Zheng Shou-Yan, Xiao Qiu-Yan, Xie Xiao-Hong, Deng Yu, Ren Luo, Tian Dai-Yin, Luo Zheng-Xiu, Luo Jian, Fu Zhou, Huang Ai-Long, Liu En-Mei
Pediatric Research Institute, Children's Hospital of Chongqing Medical University, Ministry of Education Key Laboratory of Child Development and Disorders, China International Science and Technology Cooperation base of Child Development and Critical Disorders, Chongqing Key Laboratory of Pediatrics, Chongqing, 400014, China.
Department of Respiratory Medicine, Children's Hospital of Chongqing Medical University, Chongqing, 400014, China.
Sci Rep. 2016 Mar 11;6:22964. doi: 10.1038/srep22964.
Secondary thrombocytosis (ST) is frequently observed in children with a variety of clinical conditions. The leading cause of ST is respiratory tract infection (RTI) in children. Nasopharyngeal aspirate samples were collected and assessed for common respiratory viruses. The relationships between virus infections and secondary thrombocytosis were analyzed retrospectively. The blood platelet count and the presence of respiratory viruses were determined for 3156 RTI patients, and 817 (25.9%) cases with platelet ≥500 × 10(9)/L were considered as the thrombocytosis group. Compared with the normal group, the detection rates of respiratory syncytial virus (RSV) and human rhinovirus (HRV) were significantly higher in the thrombocytosis group (P = 0.017 and 0.042, respectively). HRV single infection was a risk factor associated with thrombocytosis [odds ratio (OR) = 1.560, 95% confidence interval (CI) = 1.108-2.197]. Furthermore, ST was more likely to occur in younger patients who had clinical manifestations of wheezing and dyspnea and who had been diagnosed with bronchiolitis. Furthermore, the course of disease lasted longer in these patients. ST is associated with viral respiratory tract infections, especially RSV and HRV infections. HRV single infection is a risk factor associated with thrombocytosis.

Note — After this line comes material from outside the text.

(* If $\Gamma\vdash M$ is derivable in $\ell\Lambda_\infty^{4S}$ and $M\to N$, then $\Delta\vdash N$ is derivable in $\ell\Lambda_\infty^{4S}$ for some environment $\Delta$ with $\Gamma\prec\Delta$.
   Context: Preterms are possibly infinite trees generated by $M ::= x \mid MN \mid \lambda x.M \mid \lambda^{\downarrow}x.M \mid \lambda^{\uparrow}x.M \mid \downarrow M \mid \uparrow M$ ($\downarrow M$ inductive box, $\uparrow M$ coinductive box); substitution is capture-avoiding. Patterns are $x,\ \downarrow x,\ \uparrow x,\ \#x,\ \dagger x$; an environment is a finite set of patterns with each variable in at most one pattern; a linear environment is a set of variables, with $\#\Theta,\downarrow\Theta,\uparrow\Theta,\dagger\Theta$ the correspondingly marked sets; commas denote disjoint unions. $\Upsilon,\Pi$ range over environments with only patterns $y$ or $\downarrow y$; $\Theta,\Xi,\Psi,\Phi$ over linear environments. The system $\ell\Lambda_\infty^{4S}$ has rules: (vl) $\#\Theta,\uparrow\Xi,\dagger\Psi,x\vdash x$; (vd) $\#\Theta,\uparrow\Xi,\dagger\Psi,\#x\vdash x$; (va) $\#\Theta,\uparrow\Xi,\dagger\Psi,\dagger x\vdash x$; (a) from $\Upsilon,\#\Theta,\uparrow\Xi,\dagger\Psi\vdash M$ and $\Pi,\#\Theta,\uparrow\Xi,\dagger\Psi\vdash N$ infer $\Upsilon,\Pi,\#\Theta,\uparrow\Xi,\dagger\Psi\vdash MN$; (ll) $\Gamma,x\vdash M$ gives $\Gamma\vdash\lambda x.M$; (li)$_1$ $\Gamma,\#x\vdash M$ gives $\Gamma\vdash\lambda^\downarrow x.M$; (li)$_2$ $\Gamma,\downarrow x\vdash M$ gives $\Gamma\vdash\lambda^\downarrow x.M$; (lc) $\Gamma,\uparrow x\vdash M$ gives $\Gamma\vdash\lambda^\uparrow x.M$; (mi) from $\Xi,\uparrow\Psi,\dagger\Phi\vdash M$ infer $\#\Theta,\downarrow\Xi,\uparrow\Psi,\dagger\Phi\vdash\downarrow M$; (mc) from $\dagger\Xi,\dagger\Psi\vdash M$ infer $\#\Theta,\uparrow\Xi,\dagger\Psi\vdash\uparrow M$. (mc) is coinductive, others inductive: derivable judgments are roots of possibly infinite derivation trees in which every infinite branch contains infinitely many (mc) instances. $\Gamma\prec\Delta$ means $\Delta$ is obtained from $\Gamma$ by replacing some patterns $\downarrow x$ by $\#x$. Basic reduction: $(\lambda x.M)N\mapsto M[N/x]$, $(\lambda^\downarrow x.M)(\downarrow N)\mapsto M[N/x]$, $(\lambda^\uparrow x.M)(\uparrow N)\mapsto M[N/x]$; $M\to N$ iff $M=C[L]$, $N=C[P]$ with $L\mapsto P$ and $C$ a one-hole context (hole at a finite position). *)

From Stdlib Require Import Arith.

继发性血小板增多症(ST)常见于患有各种临床病症的儿童。儿童ST的主要病因是呼吸道感染(RTI)。收集鼻咽抽吸物样本并评估常见呼吸道病毒。回顾性分析病毒感染与继发性血小板增多症之间的关系。对3156例RTI患者测定血小板计数和呼吸道病毒的存在情况,817例(25.9%)血小板≥500×10⁹/L的病例被视为血小板增多症组。与正常组相比,血小板增多症组呼吸道合胞病毒(RSV)和人鼻病毒(HRV)的检出率显著更高(分别为P = 0.017和0.042)。HRV单一感染是与血小板增多症相关的危险因素[比值比(OR)= 1.560,95%置信区间(CI)= 1.108 - 2.197]。此外,ST更易发生于有喘息和呼吸困难临床表现且被诊断为细支气管炎的较年轻患者。此外,这些患者的病程持续时间更长。ST与病毒性呼吸道感染相关,尤其是RSV和HRV感染。HRV单一感染是与血小板增多症相关的危险因素。